Start-ups are by their nature focused on the short term future, Growing the business, Hiring people, finding customers, Managing the business, dealing with the bureaucracy etc. etc.
But if we were to take the long term view like Toyota for example who have a 50 year plan we would probably be considering what we will do when we want to make our exit from the business.
I know that when I started the first business I had one child and with the hope of my naivety I named the business Peter Cronin and Son. Now years later I recognise that somewhere in my head I was thinking that when I wanted to retire I hoped that my son would take over the business.
Now I am looking at the reality of later life one of the things I have to look at is an exit plan, a way out that will contribute to supporting me in my old age and if I had been smart I would have been more proactive when I was younger. The problem is that when you are raising children etc. there often is no time never mind money to consider what about when I am old.
With the changes in the older population the state is changing the rules. The old age pension will be pushed out to 68 in the short term and 70 in the medium term. But it is critically important to ensure that you are eligible for a contributory old age pension. I mean who wants to be means tested in your 70’s or 80’s?
This is complicated but what you need in essence is an average of 48 contributions (class A or S) every year of your working life from whenever you started. My advice: Check it out on my welfare.ie.
But do you fancy living your later years on an income of €243 a week or simply €1075 a month. Okay that rises to a whopping €405 (21½K) for a couple or €487 or €26,000 if both people qualify in their own right.
That doesn’t suggest a good quality of life to me.
If you were to have another 1000 a month you would need to have a fund in the region of 400,000 assuming you lived into your 80s.

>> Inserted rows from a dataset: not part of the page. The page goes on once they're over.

Lemma perm_descent w : w != 1%g ->
  exists a b : 'I_n, (b : nat) = a.+1 /\ (w b < w a)%N.
Proof.
move=> w1; have [/existsP [a /existsP [b /andP [/eqP eb wba]]]|] :=
  boolP [exists a : 'I_n, exists b : 'I_n, (b == a.+1 :> nat) && (w b < w a)%N].
  by exists a, b.
move/existsPn => no_descent; case/eqP: w1; apply/permP => j.
have ascent (a b : 'I_n) : (b : nat) = a.+1 -> (w a < w b)%N.
  move=> eb; have /existsPn/(_ b) := no_descent a.
  rewrite eb eqxx /= -leqNgt leq_eqVlt => /orP [/eqP/val_inj/perm_inj ab|//].
  by move: eb; rewrite ab; lia.
have w_ge k (i : 'I_n) : (i : nat) = k -> (k <= w i)%N.
  elim: k i => [//|k IHk] i ei.
  have kn : (k < n)%N by have := ltn_ord i; lia.
  by have := ascent (Ordinal kn) i ei; have := IHk (Ordinal kn) erefl; lia.
have w_le k (i : 'I_n) : (i + k = n.-1)%N -> (w i <= i)%N.
  elim: k i => [|k IHk] i ei; first by have := ltn_ord (w i); lia.
  have kn : (i.+1 < n)%N by lia.
  have IH : (w (Ordinal kn) <= i.+1)%N by apply: IHk => /=; lia.
  by have := ascent i (Ordinal kn) erefl; lia.
apply/val_inj/eqP; rewrite perm1 eqn_leq (w_le (n.-1 - j)%N) ?(w_ge j) //.
by have := ltn_ord j; lia.
Qed.

Lemma tperm_adjacent_ltn (a b x y : 'I_n) : (b : nat) = a.+1 ->
  (x < y)%N -> (x, y) != (a, b) -> (tperm a b x < tperm a b y)%N.
Proof.
move=> eb xy; rewrite xpair_eqE -!val_eqE /= !permE /=.
by case: (x =P a); case: (y =P b); case: (x =P b); case: (y =P a) => /=;
  move=> *; subst; lia.
Qed.

Lemma perm_length_tperm_descent w (a b : 'I_n) : (b : nat) = a.+1 ->
  (w b < w a)%N -> (perm_length (tperm a b * w) < perm_length w)%N.
Proof.
move=> eb wba; set s := tperm a b.
set I1 := [set p : 'I_n * 'I_n | (p.1 < p.2)%N && ((s * w)%g p.2 < (s * w)%g p.1)%N].
set I2 := [set p : 'I_n * 'I_n | (p.1 < p.2)%N && (w p.2 < w p.1)%N].
change (#|I1| < #|I2|)%N.
pose swap p := (s p.1, s p.2).
have swap_inj : injective swap by move=> [? ?] [? ?] [/perm_inj -> /perm_inj ->].
have I1_sub : I1 \subset swap @^-1: (I2 :\ (a, b)).
  apply/subsetP => -[x y]; rewrite !inE /= !permM => /andP [xy wyx].
  have ne : (x, y) != (a, b).
    by apply: contraTneq wyx => -[-> ->]; rewrite /s tpermL tpermR -leqNgt ltnW.
  rewrite wyx tperm_adjacent_ltn // !andbT; apply/eqP => -[sx sy].
  move: xy; rewrite -[x](tpermK a b) -[y](tpermK a b) -/s sx sy /s tpermL tpermR.
  by rewrite eb ltnNge leqnSn.
have := subset_leq_card I1_sub; rewrite card_preimset // (cardsD1 (a, b) I2).
by rewrite inE /= wba eb ltnSn.
Qed.

Lemma minrep_descent_not_sameblk J' J w (a b : 'I_n) : minrep J' J w ->
  (b : nat) = a.+1 -> (w b < w a)%N -> ~~ sameblk J' a b.
Proof.
move=> w_min eb wba; apply/negP => ab.
have tab_in : tperm a b \in Wpar J'.
  rewrite inE; apply/forallP => i.
  by case: tpermP => [->|->|_ _]; rewrite ?sameblkxx // sameblkC.
have one_in : (1 : 'S_n)%g \in Wpar J.
  by rewrite inE; apply/forallP => i; rewrite perm1 sameblkxx.
have := w_min _ _ tab_in one_in; rewrite mulg1 leqNgt.
by rewrite perm_length_tperm_descent.
Qed.

End Permutations.

Unset Implicit Arguments.
Set Strict Implicit.

Theorem lemma4p18 (L : fieldType) (R : realFieldType) (absL : L -> R) (pi : L)
    (n : nat) (J J' J1 J2 : {set 'I_n.-1}) (w : 'S_n) :
  nonarch_dv_abs absL pi ->
  minrep J' J w ->
  (* Q_{w^-1} = M_{w^-1} |x (N_{w^-1} N), with
     M_{w^-1} = M cap w^-1 M' w and N_{w^-1} = M cap w^-1 N' w *)
  (forall g : 'M[L]_n, Mset J1 g =
     Mset J g && Mset J' (perm_mx w *m g *m perm_mx w^-1)) ->
  (forall g : 'M[L]_n, Nset J1 g <->
     exists a b, [/\ Mset J a, Nset J' (perm_mx w *m a *m perm_mx w^-1),
                     Nset J b & g = a *m b]) ->
  (* Q'_w = M'_w |x (N'_w N'), with
     M'_w = M' cap w M w^-1 and N'_w = M' cap w N w^-1 *)
  (forall g : 'M[L]_n, Mset J2 g =
     Mset J' g && Mset J (perm_mx w^-1 *m g *m perm_mx w)) ->
  (forall g : 'M[L]_n, Nset J2 g <->
     exists a b, [/\ Mset J' a, Nset J (perm_mx w^-1 *m a *m perm_mx w),
                     Nset J' b & g = a *m b]) ->
  (forall z : 'M[L]_n, Zplus absL J' z ->
     delta absL J2 z <= delta absL J1 (perm_mx w^-1 *m z *m perm_mx w)) /\
  (w != 1%g -> exists z : 'M[L]_n, Zplus absL J' z /\
     delta absL J2 z < delta absL J1 (perm_mx w^-1 *m z *m perm_mx w)).
Proof.
move=> absL_dv w_min M1E _ M2E _.
have sameblk2 := sameblk_Mset_conjVI M2E.
have sameblk12 i j : sameblk J1 (w i) (w j) = sameblk J2 i j.
  by rewrite (sameblk_Mset_conjI M1E) sameblk2 !permK andbC.
split=> [z /(Zplus_diag absL_dv) [d [-> d_neq0 d_mono]] | w1].
  exact: (delta_diag_le_perm_conj absL_dv sameblk12 d_neq0 d_mono).
have [a [b [eb wba]]] := perm_descent w1.
have nab := minrep_descent_not_sameblk w_min eb wba.
have ab : (a < b)%N by rewrite eb.
have [k akb kJ'] := not_sameblk_boundary (ltnW ab) nab.
exists (diag_mx (cut_row pi k)); split; first exact: Zplus_cut.
apply: (delta_diag_lt_perm_conj absL_dv sameblk12 (cut_row_neq0 absL_dv k)
          (absL_cut_row_le absL_dv k) ab) => //.
  by rewrite sameblk2 (negbTE nab).
exact: (absL_cut_row_lt absL_dv akb).
Qed.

How will you provide for this? Lots of people downsize their home and buy something smaller and cheaper and generate a fund that way.
Some buy a private pension. As a sole trader you can invest an amount from the profits of the business tax free that is equal to your salary. If you are a limited company there is no effective limit to how much you can invest.

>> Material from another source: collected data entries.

(* For every integer $d\ge2$, the degree map $\deg:[\mathbf{P}^1,\mathbf{P}^d]^{\mathrm{N}}\to\mathbf{N}$ is a bijection.
   Context: Let $k$ be a field and $d\ge2$. For $n\ge0$ and a $k$-algebra $R$, $\mathcal{F}^d_n(R)$ is the set of pairs $(A,B)$ where $A\in R[X]$ is monic of degree $n$ and $B=(B_1,\dots,B_d)$ is a $d$-tuple of polynomials of degree $<n$ such that $A,B_1,\dots,B_d$ generate the unit ideal of $R[X]$. Pointed scheme morphisms $\mathbf{P}^1_k\to\mathbf{P}^d_k$ (base points $\infty=[1:0]$ and $[1:0:\dots:0]$) correspond to pairs ($n$, element of $\mathcal{F}^d_n(k)$), $n$ being the degree; pointed naive homotopies $\mathbf{P}^1\times\mathbf{A}^1\to\mathbf{P}^d$ correspond to elements of $\mathcal{F}^d_n(k[T])$, with source and target obtained by evaluating at $T=0$ and $T=1$. $[\mathbf{P}^1,\mathbf{P}^d]^{\mathrm{N}}$ is the set of pointed morphisms modulo the equivalence relation generated by pointed naive homotopies. *)

From HB Require Import structures.
From mathcomp Require Import all_boot all_order all_algebra.
From Stdlib Require Import Relations.
Set Implicit Arguments. Unset Strict Implicit. Unset Printing Implicit Defensive.
Import GRing.Theory.
Local Open Scope ring_scope.

Definition inF (d n : nat) (R : comNzRingType) (A : {poly R})
  (B : 'I_d -> {poly R}) : Prop :=
  [/\ A \is monic, size A = n.+1, (forall i, (size (B i) <= n)%N) &
      exists (U : {poly R}) (V : 'I_d -> {poly R}),
        U * A + \sum_(i < d) V i * B i = 1].

(* Pointed morphisms P^1 -> P^d over k: a degree n and an element of F^d_n(k). *)
Record ptmap (k : fieldType) (d : nat) := PtMap {
  pm_deg : nat;
  pm_A : {poly k};
  pm_B : 'I_d -> {poly k};
  pm_ok : inF pm_deg pm_A pm_B }.

Definition evT (k : fieldType) (t : k) (P : {poly {poly k}}) : {poly k} :=
  map_poly (fun c : {poly k} => c.[t]) P.

Definition naive_htpy (k : fieldType) (d : nat) (f g : ptmap k d) : Prop :=
  exists (n : nat) (HA : {poly {poly k}}) (HB : 'I_d -> {poly {poly k}}),
    [/\ inF n HA HB,
        pm_deg f = n /\ pm_A f = evT 0 HA /\ (forall i, pm_B f i = evT 0 (HB i))
      & pm_deg g = n /\ pm_A g = evT 1 HA /\ (forall i, pm_B g i = evT 1 (HB i))].

(* the equivalence relation generated by pointed naive homotopies;
   [P^1, P^d]^N is ptmap k d modulo this relation *)
Definition naive_equiv (k : fieldType) (d : nat) : relation (ptmap k d) :=
  clos_refl_sym_trans (ptmap k d) (@naive_htpy k d).

From mathcomp Require Import all_boot all_order all_algebra.
From Stdlib Require Import Relations.
Set Implicit Arguments. Unset Strict Implicit. Unset Printing Implicit Defensive.
Import GRing.Theory.
Local Open Scope ring_scope.

(* A pointed naive homotopy keeps the degree, which is part of its data, so
   [deg] is well defined; (1, 0) and (X^n, e_l) show that it is onto.
   For injectivity, every elementary operation B_j += c B_i (i <> j) that keeps
   deg B_j < n is realised by the straight-line homotopy (A, B + T c B_i e_j):
   over k[T][X] its components still generate the ideal spanned by A and the
   B's, hence the unit ideal.  Euclid's algorithm on (B_i, B_j), which needs
   d >= 2, therefore reaches a map with B_j = 0.  The line from B_j = 0 to
   B_j = 1 stays unimodular because the other components are untouched, and
   once B_j = 1 every straight line, in particular the one ending at the
   standard map (X^n, e_j), is unimodular. *)

Section Ideal.
Variable R : comNzRingType.

Definition in_ideal d (A : {poly R}) (B : 'I_d -> {poly R}) (x : {poly R}) :=
  exists (U : {poly R}) (V : 'I_d -> {poly R}), U * A + \sum_(i < d) V i * B i = x.

Variables (d : nat) (A : {poly R}) (B : 'I_d -> {poly R}).

Lemma in_ideal0 : in_ideal A B 0.
Proof. by exists 0, (fun=> 0); rewrite mul0r add0r big1 // => i _; rewrite mul0r. Qed.

Lemma in_idealD x y : in_ideal A B x -> in_ideal A B y -> in_ideal A B (x + y).
Proof.
move=> [U [V <-]] [U' [V' <-]]; exists (U + U'), (fun i => V i + V' i).
under eq_bigr => i _ do rewrite mulrDl.
by rewrite mulrDl big_split /= addrACA.
Qed.

Lemma in_idealMl r x : in_ideal A B x -> in_ideal A B (r * x).
Proof.
move=> [U [V <-]]; exists (r * U), (fun i => r * V i).
by rewrite mulrDr mulr_sumr mulrA; congr (_ + _); apply: eq_bigr => i _; rewrite mulrA.
Qed.

Lemma in_idealB x y : in_ideal A B x -> in_ideal A B y -> in_ideal A B (x - y).
Proof. by move=> Ix Iy; rewrite -mulN1r; apply/in_idealD/in_idealMl. Qed.

Lemma in_ideal_genA : in_ideal A B A.
Proof. by exists 1, (fun=> 0); rewrite mul1r big1 ?addr0 // => i _; rewrite mul0r. Qed.

Lemma in_ideal_genB j : in_ideal A B (B j).
Proof.
exists 0, (fun i => (i == j)%:R); rewrite mul0r add0r (bigD1 j) //= eqxx mul1r.
by rewrite big1 ?addr0 // => i /negbTE ->; rewrite mul0r.
Qed.

Lemma in_ideal_trans d' (A' : {poly R}) (B' : 'I_d' -> {poly R}) x :
  in_ideal A B A' -> (forall i, in_ideal A B (B' i)) ->
  in_ideal A' B' x -> in_ideal A B x.
Proof.
move=> IA IB [U [V <-]]; apply: in_idealD; first exact: in_idealMl.
by elim/big_ind: _ => [|y z|i _]; [exact: in_ideal0 | exact: in_idealD | exact: in_idealMl].
Qed.

End Ideal.

Lemma in_ideal_addB (R : comNzRingType) d (A : {poly R}) (B B' : 'I_d -> {poly R})
    (i j : 'I_d) c :
  i != j -> (forall l, l != j -> B' l = B l) -> B' j = B j + c * B i ->
  in_ideal A B 1 -> in_ideal A B' 1.
Proof.
move=> nij B'B B'j; apply: in_ideal_trans (in_ideal_genA _ _) _ => l.
have [->|nlj] := eqVneq l j; last by rewrite -B'B //; apply: in_ideal_genB.
have -> : B j = B' j - c * B' i by rewrite B'j B'B // addrK.
by apply: in_idealB; [|apply: in_idealMl]; apply: in_ideal_genB.
Qed.

Lemma in_ideal_map (R S : comNzRingType) (f : {rmorphism R -> S}) d (A : {poly R})
    (B : 'I_d -> {poly R}) x :
  in_ideal A B x ->
  in_ideal (map_poly f A) (fun i => map_poly f (B i)) (map_poly f x).
Proof.
move=> [U [V <-]]; exists (map_poly f U), (fun i => map_poly f (V i)).
by rewrite rmorphD rmorph_sum rmorphM; congr (_ + _); apply: eq_bigr => i _; rewrite rmorphM.
Qed.

Section Interpolation.
Variable k : fieldType.
Implicit Types p q r x : {poly k}.

(* The path p + T (q - p) in k[T][X]: T is the coefficient variable, the one [evT] evaluates. *)
Definition interp p q : {poly {poly k}} := p^:P + 'X%:P * (q - p)^:P.

Lemma evT_interp t p q : evT t (interp p q) = p + t%:P * (q - p).
Proof.
rewrite /evT -[fun c => _]/(horner_eval t) rmorphD rmorphM /= map_polyC /= horner_evalE hornerX.
by rewrite -!map_poly_comp !map_poly_id // => x _ /=; rewrite horner_evalE hornerC.
Qed.

Lemma evT_interp0 p q : evT 0 (interp p q) = p.
Proof. by rewrite evT_interp mul0r addr0. Qed.

Lemma evT_interp1 p q : evT 1 (interp p q) = q.
Proof. by rewrite evT_interp mul1r addrC subrK. Qed.

Lemma interp_id p : interp p p = p^:P.
Proof. by rewrite /interp subrr rmorph0 mulr0 addr0. Qed.

Lemma interpDr p x : interp p (p + x) = p^:P + 'X%:P * x^:P.
Proof. by rewrite /interp (addrC p) addrK. Qed.

Lemma size_XC_mul_leq r : (size ('X%:P * r^:P)%R <= size r)%N.
Proof. by rewrite mul_polyC -[X in (_ <= X)%N](size_map_polyC r) size_scale_leq. Qed.

Lemma size_interp p q n :
  (size p <= n)%N -> (size q <= n)%N -> (size (interp p q) <= n)%N.
Proof.
move=> sp sq; have sqp : (size (q - p)%R <= n)%N.
  by apply: leq_trans (size_polyD _ _) _; rewrite size_polyN geq_max sq sp.
apply: leq_trans (size_polyD _ _) _.
by rewrite geq_max size_map_polyC sp (leq_trans (size_XC_mul_leq _)).
Qed.

Lemma size_sub_monic p q :
  p \is monic -> q \is monic -> size p = size q -> (size (q - p)%R < size p)%N.
Proof.
move=> mp mq spq; have := monic_neq0 mp; rewrite -size_poly_eq0.
case sp: (size p) => [//|n] _; apply/leq_sizeP => j; rewrite coefB.
rewrite leq_eqVlt => /orP[/eqP <-|ltnj]; last by rewrite !nth_default ?subr0 -?spq ?sp.
by move: (monicP mp) (monicP mq); rewrite /lead_coef -spq sp => -> ->; rewrite subrr.
Qed.

Lemma monic_interp p q :
  p \is monic -> q \is monic -> size p = size q ->
  interp p q \is monic /\ size (interp p q) = size p.
Proof.
move=> mp mq spq; have lt_qp : (size ('X%:P * (q - p)^:P)%R < size p^:P)%N.
  by rewrite size_map_polyC (leq_ltn_trans (size_XC_mul_leq _)) ?size_sub_monic.
split; first by rewrite monicE lead_coefDl // lead_coef_map /= (monicP mp).
by rewrite size_polyDl // size_map_polyC.
Qed.

End Interpolation.

Section NaiveHomotopy.
Variables (k : fieldType) (d : nat).
Implicit Types f g : ptmap k d.

Lemma size_pm_B f l : (size (pm_B f l) <= pm_deg f)%N.
Proof. by case: f => n A B []. Qed.

Lemma naive_equiv_trans f g h :
  naive_equiv f g -> naive_equiv g h -> naive_equiv f h.
Proof. exact: rst_trans. Qed.

Lemma naive_equiv_sym f g : naive_equiv f g -> naive_equiv g f.
Proof. exact: rst_sym. Qed.

Lemma naive_equiv_deg f g : naive_equiv f g -> pm_deg f = pm_deg g.
Proof. by elim=> [? ? [n [? [? [_ [-> _] [-> _]]]]] | | ? ? _ -> | ? ? ? _ -> _ ->]. Qed.

Lemma naive_htpy_interp f g :
  pm_deg f = pm_deg g ->
  in_ideal (interp (pm_A f) (pm_A g)) (fun i => interp (pm_B f i) (pm_B g i)) 1 ->
  naive_htpy f g.
Proof.
case: f g => n A B [mA sA sB ?] [m A' B' [mA' sA' sB' ?]] /= eq_nm I1; subst m.
exists n, (interp A A'), (fun i => interp (B i) (B' i)); split.
- have [] := monic_interp mA mA' (etrans sA (esym sA')).
  by rewrite sA; split=> // i; apply: size_interp.
- by rewrite evT_interp0; do 2!split=> //; move=> i; rewrite evT_interp0.
- by rewrite evT_interp1; do 2!split=> //; move=> i; rewrite evT_interp1.
Qed.

Lemma naive_equiv_addB f (i j : 'I_d) (c : {poly k}) :
  i != j -> (size (pm_B f j + c * pm_B f i)%R <= pm_deg f)%N ->
  exists g, [/\ naive_equiv f g, pm_B g i = pm_B f i & pm_B g j = pm_B f j + c * pm_B f i].
Proof.
case: f => n A B [mA sA sB IAB] /= nij sBj.
have [B' B'B B'j] : exists2 B' : 'I_d -> {poly k},
    forall l, l != j -> B' l = B l & B' j = B j + c * B i.
  by exists [eta B with j |-> B j + c * B i] => [l /negbTE /= ->|/=]; rewrite ?eqxx.
have okB' : inF n A B'.
  split=> // [l|]; last exact: in_ideal_addB nij B'B B'j IAB.
  by have [->|/B'B ->] := eqVneq l j; rewrite ?B'j.
exists (PtMap okB'); split; [|exact: B'B|exact: B'j].
apply/rst_step/naive_htpy_interp => //=; rewrite interp_id.
apply: (@in_ideal_addB _ _ _ (fun l => (B l)^:P) _ i j ('X%:P * c^:P) nij).
- by move=> l /B'B ->; rewrite interp_id.
- by rewrite B'j interpDr rmorphM mulrA.
- by have := in_ideal_map polyC IAB; rewrite rmorph1.
Qed.

Lemma naive_equiv_euclid f (i j : 'I_d) : i != j ->
  exists2 g, naive_equiv f g & pm_B g i = 0 \/ pm_B g j = 0.
Proof.
move: {2}_.+1 (ltnSn (size (pm_B f i) + size (pm_B f j))) => m.
elim: m i j f => // m IH i j f.
wlog le_ji : i j / (size (pm_B f j) <= size (pm_B f i))%N.
  move=> wlog_ij; have [|/ltnW le_ij] := leqP (size (pm_B f j)) (size (pm_B f i)).
    exact: wlog_ij.
  rewrite addnC eq_sym => hm nji; have [g fg gBji] := wlog_ij j i le_ij hm nji.
  by exists g; last by case: gBji; [right | left].
move=> hm nij; have [Bj0|nzBj] := eqVneq (pm_B f j) 0.
  by exists f; [apply: rst_refl | right].
have lt_mod := ltn_modpN0 (pm_B f i) nzBj.
have Bi_mod : pm_B f i + - (pm_B f i %/ pm_B f j) * pm_B f j = pm_B f i %% pm_B f j.
  by rewrite {1}(divp_eq (pm_B f i) (pm_B f j)) mulNr addrAC subrr add0r.
have size_mod : (size (pm_B f i %% pm_B f j)%R <= pm_deg f)%N.
  exact: leq_trans (ltnW lt_mod) (leq_trans le_ji (size_pm_B _ _)).
have nji : j != i by rewrite eq_sym.
rewrite -Bi_mod in size_mod.
have [g [fg gBj gBi]] := naive_equiv_addB nji size_mod.
have g_lt : (size (pm_B g i) + size (pm_B g j) < m)%N.
  rewrite gBi gBj Bi_mod; rewrite ltnS in hm; apply: leq_trans _ hm.
  by rewrite ltn_add2r (leq_trans lt_mod le_ji).
have [h gh hB0] := IH i j g g_lt nij.
by exists h; first exact: naive_equiv_trans fg gh.
Qed.

Lemma naive_equiv_B0 f (i j : 'I_d) : i != j ->
  exists2 g, naive_equiv f g & pm_B g j = 0.
Proof.
move=> nij; have [g fg [gBi|]] := naive_equiv_euclid f nij; last by exists g.
(* Move the zero from slot i to slot j: B_i += B_j, then B_j -= B_i. *)
have nji : j != i by rewrite eq_sym.
have size1 : (size (pm_B g i + 1 * pm_B g j)%R <= pm_deg g)%N.
  by rewrite gBi add0r mul1r size_pm_B.
have [g1 [gg1 g1Bj g1Bi]] := naive_equiv_addB nji size1.
have g1Bj0 : pm_B g1 j + -1 * pm_B g1 i = 0.
  by rewrite g1Bi g1Bj gBi add0r mul1r mulN1r subrr.
have size2 : (size (pm_B g1 j + -1 * pm_B g1 i)%R <= pm_deg g1)%N.
  by rewrite g1Bj0 size_poly0.
have [g2 [g1g2 _ g2Bj]] := naive_equiv_addB nij size2.
by exists g2; [exact: naive_equiv_trans fg (naive_equiv_trans gg1 g1g2) | rewrite g2Bj].
Qed.

Lemma naive_equiv_Xn_delta f g (l : 'I_d) :
  pm_deg f = pm_deg g -> pm_B f l = 0 ->
  pm_A g = 'X^(pm_deg g) -> (forall m, pm_B g m = (m == l)%:R) -> naive_equiv f g.
Proof.
case: f => n A B [mA sA sB IAB] /= eq_n Bl0 gA gB.
have [B1 B1B B1l] : exists2 B1 : 'I_d -> {poly k},
    forall m, m != l -> B1 m = B m & B1 l = 1.
  by exists [eta B with l |-> 1] => [m /negbTE /= ->|/=]; rewrite ?eqxx.
have ok1 : inF n A B1.
  split=> // [m|]; last by rewrite -B1l; apply: in_ideal_genB.
  have [->|/B1B ->] := eqVneq m l; rewrite ?B1l ?sB // size_poly1 eq_n.
  by have := size_pm_B g l; rewrite gB eqxx size_poly1.
apply: (@naive_equiv_trans _ (PtMap ok1)); apply/rst_step/naive_htpy_interp => //=.
  rewrite interp_id; have := in_ideal_map polyC IAB; rewrite rmorph1.
  apply: in_ideal_trans; first exact: in_ideal_genA.
  move=> m; have [->|/B1B B1m] := eqVneq m l; first by rewrite Bl0 rmorph0; apply: in_ideal0.
  by rewrite -(interp_id (B m)) -{2}B1m; apply: (in_ideal_genB _ (fun m => interp (B m) (B1 m))).
have := in_ideal_genB (interp A (pm_A g)) (fun m => interp (B1 m) (pm_B g m)) l.
by rewrite B1l gB eqxx interp_id rmorph1.
Qed.

Lemma naive_equiv_deg0 f g : pm_deg f = 0%N -> pm_deg g = 0%N -> naive_equiv f g.
Proof.
have A1 (h : ptmap k d) : pm_deg h = 0%N -> pm_A h = 1.
  case: h => n A B [mA sA _ _] /= n0; rewrite n0 in sA.
  by rewrite (size1_polyC (eq_leq sA)); move: (monicP mA); rewrite /lead_coef sA => ->.
move=> f0 g0; apply/rst_step/naive_htpy_interp; first by rewrite f0 g0.
rewrite (A1 f f0) (A1 g g0) interp_id rmorph1; exact: in_ideal_genA.
Qed.

Lemma inF_Xn n (l : 'I_d) : (0 < n)%N -> inF n ('X^n : {poly k}) (fun m => (m == l)%:R).
Proof.
move=> n_gt0; split; [exact: monicXn | exact: size_polyXn | |].
  by move=> m; case: (m == l); rewrite ?size_poly1 ?size_poly0.
by have := in_ideal_genB 'X^n (fun m : 'I_d => (m == l)%:R : {poly k}) l; rewrite eqxx.
Qed.

Lemma inF_deg0 : inF 0 (1 : {poly k}) (fun _ : 'I_d => 0).
Proof.
split; [exact: monic1 | exact: size_poly1 | by move=> m; rewrite size_poly0 |].
exact: in_ideal_genA.
Qed.

End NaiveHomotopy.

Theorem theorem4p12 (k : fieldType) (d : nat) (hd : (2 <= d)%N) :
  (forall f g : ptmap k d, naive_equiv f g -> pm_deg f = pm_deg g) /\
  (forall f g : ptmap k d, pm_deg f = pm_deg g -> naive_equiv f g) /\
  (forall n : nat, exists f : ptmap k d, pm_deg f = n).
Proof.
pose i0 : 'I_d := Ordinal (ltnW hd); pose i1 : 'I_d := Ordinal hd.
have n01 : i0 != i1 by [].
split; first exact: naive_equiv_deg.
split; last by case=> [|n]; [exists (PtMap (inF_deg0 k d)) | exists (PtMap (inF_Xn k i1 (ltn0Sn n)))].
move=> f g fg; have [f0|f_gt0] := posnP (pm_deg f).
  by apply: naive_equiv_deg0; rewrite -?fg.
pose s := PtMap (inF_Xn k i1 f_gt0).
suff to_s h : pm_deg h = pm_deg f -> naive_equiv h s.
  exact: naive_equiv_trans (to_s f erefl) (naive_equiv_sym (to_s g (esym fg))).
move=> hf; have [h1 hh1 h1B] := naive_equiv_B0 h n01.
have h1s : pm_deg h1 = pm_deg s by rewrite -(naive_equiv_deg hh1).
exact: naive_equiv_trans hh1 (naive_equiv_Xn_delta h1s h1B _ _).
Qed.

If the fund is well managed – this is the real research you need to do: find the best fund to make your pension grow.
For example:
If you put in 1000 a month and the fund grew by 6% every year at the end of year 5 you would have invested 60,000 but the fund would be worth 72,000. After 10 years you would have invested 120K but the fund would be valued at 165K. Over 20 years that would create a fund of over 440K but that’s a lot of If’s. If annual inflation was 4% then the real value of the fund is reduced substantially.
The most common fund though is what you receive for the sale of your business. Who will you sell it to? How much can you expect to receive?
The normal price is 5-7 times the average net profit (which includes your salary) So let’s say the business generates an average of 40K a year for you and another 6K that you leave in the business. That would mean the annual profit is 46K and that therefore the value could be between 180K and 320K. So let’s say its 250. You can sell for 250 and assuming that you can get 5% interest by careful investment that is 12000 a year or our target €1000 a month without ever reducing the 250K
The point really is that the state pension is not enough. What will you do to make your later years quality time and what’s your exit strategy from your business?